What the current benchmark evidence says

At the moment, the benchmark story is clear.Hosted Codex is the strongest path on the real benchmarks in this repository. Local Codex over Ollama with gpt-oss:120b is capable, but slower. Local gpt-oss:20b is useful for smoke checks but timed out on the current real benchmarks. The experimental providers are implemented and documented, but they are not yet part of the main validated story. This is a good place to be for an early release. The package has one clear validated provider path and several future paths that can be improved later.

Who should use metaharness right now

metaharness is already useful for a few specific audiences. It is useful for teams building coding agent systems who want to optimize the real environment around the model instead of endlessly tweaking prompts in isolation. It is useful for practitioners who already rely on coding tools in repositories and want to improve the instruction files, setup flow, validation logic, and test flow around those tools. It is also useful for people doing careful evaluation work on coding agent harnesses who want durable experiment records rather than one off intuition.

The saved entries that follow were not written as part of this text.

(* Let $X,Y$ be Hilbert spaces, $F:\mathrm{dom}(F)\subset X\to Y$, $y\in\mathrm{Ran}(F)$, $x^*\in\mathrm{dom}(F)$, and let $x^\dagger$ be an $x^*$-minimum-norm solution of $F(x)=y$. Suppose Assumption 1 holds. Let $A:=F'(x^\dagger)$, and suppose there is a sequence of positive numbers $\lambda_k\in\sigma(AA^* )$ with $\lambda_k\to0$. Suppose there is a constant $\tau>0$ such that for every sufficiently small $\delta>0$ and every $y^\delta\in Y$ with $\|y^\delta-y\|\le\delta$ a number $\alpha(\delta,y^\delta)>0$ and a Tikhonov minimizer $x^\delta_{\alpha(\delta,y^\delta)}$ are chosen with $\|F(x^\delta_{\alpha(\delta,y^\delta)})-y^\delta\|\le\tau\delta$. If $$\sup\left\{\|x^\delta_{\alpha(\delta,y^\delta)}-x^\dagger\|:\ \|y^\delta-y\|\le\delta\right\}=o(\delta^{1/2})\quad\text{as }\delta\to0,$$ then $x^\dagger=x^*$.
   Context: An $x^*$-minimum-norm solution is a point $x^\dagger\in\mathrm{dom}(F)$ with $F(x^\dagger)=y$ and $\|x^\dagger-x^*\|=\min\{\|x-x^*\|: x\in\mathrm{dom}(F),\ F(x)=y\}$. For $\alpha>0$ and $y^\delta\in Y$, a Tikhonov minimizer $x_\alpha^\delta$ is any minimizer over $\mathrm{dom}(F)$ of $\|F(x)-y^\delta\|^2+\alpha\|x-x^*\|^2$ (assumed to exist). $B_\rho(x^\dagger)=\{x\in X:\|x-x^\dagger\|<\rho\}$. $\sigma(AA^* )$ denotes the spectrum of $AA^*$. Assumption 1: there is $\rho>0$ with $B_\rho(x^\dagger)\subset\mathrm{dom}(F)$, $F$ is Fréchet differentiable on $B_\rho(x^\dagger)$, and there is $\kappa_0\ge0$ such that for all $x,z\in B_\rho(x^\dagger)$ there is a bounded linear operator $R(x,z):X\to X$ with $F'(x)=F'(z)R(x,z)$ and $\|I-R(x,z)\|\le\kappa_0\|x-z\|$. *)

From HB Require Import structures.
From mathcomp Require Import all_boot all_order all_algebra.
From mathcomp Require Import all_classical all_reals all_analysis.
Set Implicit Arguments. Unset Strict Implicit. Unset Printing Implicit Defensive.
Import Order.TTheory GRing.Theory Num.Theory.
Import numFieldNormedType.Exports.
Local Open Scope classical_set_scope.
Local Open Scope ring_scope.

(* [ip] is an inner product on the (complete) normed space X inducing its norm;
   a complete normed space with such an inner product is a real Hilbert space. *)
Definition is_inner_product {R : realType} (X : normedModType R)
  (ip : X -> X -> R) : Prop :=
  (forall x z, ip x z = ip z x) /\
  (forall (a : R) (x x' z : X), ip (a *: x + x') z = a * ip x z + ip x' z) /\
  (forall x, ip x x = `|x| ^+ 2).

Definition is_adjoint {R : realType} (X Y : normedModType R)
  (ipX : X -> X -> R) (ipY : Y -> Y -> R) (A : X -> Y) (Astar : Y -> X) : Prop :=
  forall x y, ipY (A x) y = ipX x (Astar y).

Definition spectrum {R : realType} (Y : normedModType R) (T : Y -> Y) : set R :=
  [set l | ~ exists S : Y -> Y, continuous S /\
      (forall v, S (T v - l *: v) = v) /\ (forall v, T (S v) - l *: S v = v)].

Definition min_norm_solution {R : realType} (X Y : normedModType R)
  (D : set X) (F : X -> Y) (y : Y) (xstar xdag : X) : Prop :=
  D xdag /\ F xdag = y /\
  forall x, D x -> F x = y -> `|xdag - xstar| <= `|x - xstar|.

Definition assumption1 {R : realType} (X Y : normedModType R)
  (D : set X) (F : X -> Y) (xdag : X) : Prop :=
  exists rho : R, 0 < rho /\ ball xdag rho `<=` D /\
   (forall x, ball xdag rho x -> differentiable F x) /\
   exists kappa0 : R, 0 <= kappa0 /\
   forall x z, ball xdag rho x -> ball xdag rho z ->
     exists Rxz : {linear X -> X}, continuous Rxz /\
       (forall h, 'd F x h = 'd F z (Rxz h)) /\
       (forall h, `|h - Rxz h| <= kappa0 * `|x - z| * `|h|).

Definition tikhonov_minimizer {R : realType} (X Y : normedModType R)
  (D : set X) (F : X -> Y) (xstar : X) (alpha : R) (ydelta : Y) (x : X) : Prop :=
  D x /\ forall z, D z ->
    `|F x - ydelta| ^+ 2 + alpha * `|x - xstar| ^+ 2 <=
    `|F z - ydelta| ^+ 2 + alpha * `|z - xstar| ^+ 2.
Definition integral_ab (a b : R) (f : R -> R) : R :=
  Rintegral (@lebesgue_measure R) `[a, b] f.

(* p (coefficients p 0..q) is the L^2(a,b;H)-orthogonal projection of X onto
   the polynomials of degree <= q with coefficients in H *)
Definition is_L2proj (ip : H -> H -> R) (a b : R) (q : nat) (X : R -> H)
  (p : nat -> H) : Prop :=
  forall (k : nat) (w : H), (k <= q)%N ->
    integral_ab a b (fun s => ip (X s - poly_eval p q.+1 s) w * s ^+ k) = 0.

End Defs.

(** On each interval write p = Pi X and x' = dX/ds.  Since A^{-1/2} maps H
    into V and A^{1/2} is symmetric on V, expanding the square gives
    |A^{1/2} p - A^{-1/2} x'|^2 = |A^{1/2} p|^2 + |A^{-1/2} x'|^2 - 2 (p, x').
    As x' has degree <= q, the projection property gives
    int (p, x') = int (x, x') = (|x(t_{i+1})|^2 - |x(t_i)|^2) / 2, and the sum
    over the intervals telescopes.  Every integrand is a real polynomial in s
    (a Gram polynomial of the coefficient vectors), which provides both the
    integrability and the fundamental theorem of calculus. *)

From Pilot Require Import Defs.
From HB Require Import structures.
From mathcomp Require Import all_boot all_order all_algebra.
From mathcomp Require Import all_classical all_reals all_analysis.
From mathcomp Require Import ring.
Import Order.TTheory GRing.Theory Num.Theory.
Import numFieldNormedType.Exports.
Set Implicit Arguments. Unset Strict Implicit.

What this first release is and is not

This is an alpha release, and it is important to be clear about what that means.

What it is:

• a real open source package
• a usable CLI
• a filesystem first optimization framework
• a Codex first harness optimization tool with benchmark evidence
• a strong base for future provider and benchmark work

What it is not:

• a full reproduction of every result in the Meta Harness paper
• a claim that all providers are equally validated
• a finished benchmark platform with every major coding agent integrated

This is exactly the right scope for an early public release.

Why release now

It is often tempting to wait until everything feels complete. In practice, that can slow down the stage where outside feedback becomes most valuable.The core loop works. The package is published. The docs exist. The benchmark story is credible. The provider story is honestly scoped. That is enough to put the project in front of real users. And for a tool like this, real usage matters more than endless internal polish.

Where metaharness can go next

The next steps are straightforward.The most important one is probably not more framework expansion. It is stronger evidence around the existing system.That can include more Codex benchmark studies, deeper benchmark targets, careful selective work on one experimental provider at a time, and more project templates and benchmark profiles.But even without those future steps, the current release already delivers something useful and concrete.

Try it

Project links:

GitHub:
https://github.com/SuperagenticAI/metaharness

Documentation:
https://superagenticai.github.io/metaharness/

PyPI:
https://pypi.org/project/superagentic-metaharness/

If you work on coding agents, coding agent infrastructure, or benchmark driven improvement of agent workflows, metaharness is meant for exactly that layer of work.

The model matters. But the harness around the model often matters just as much. In real systems, that is usually where a surprising amount of quality lives.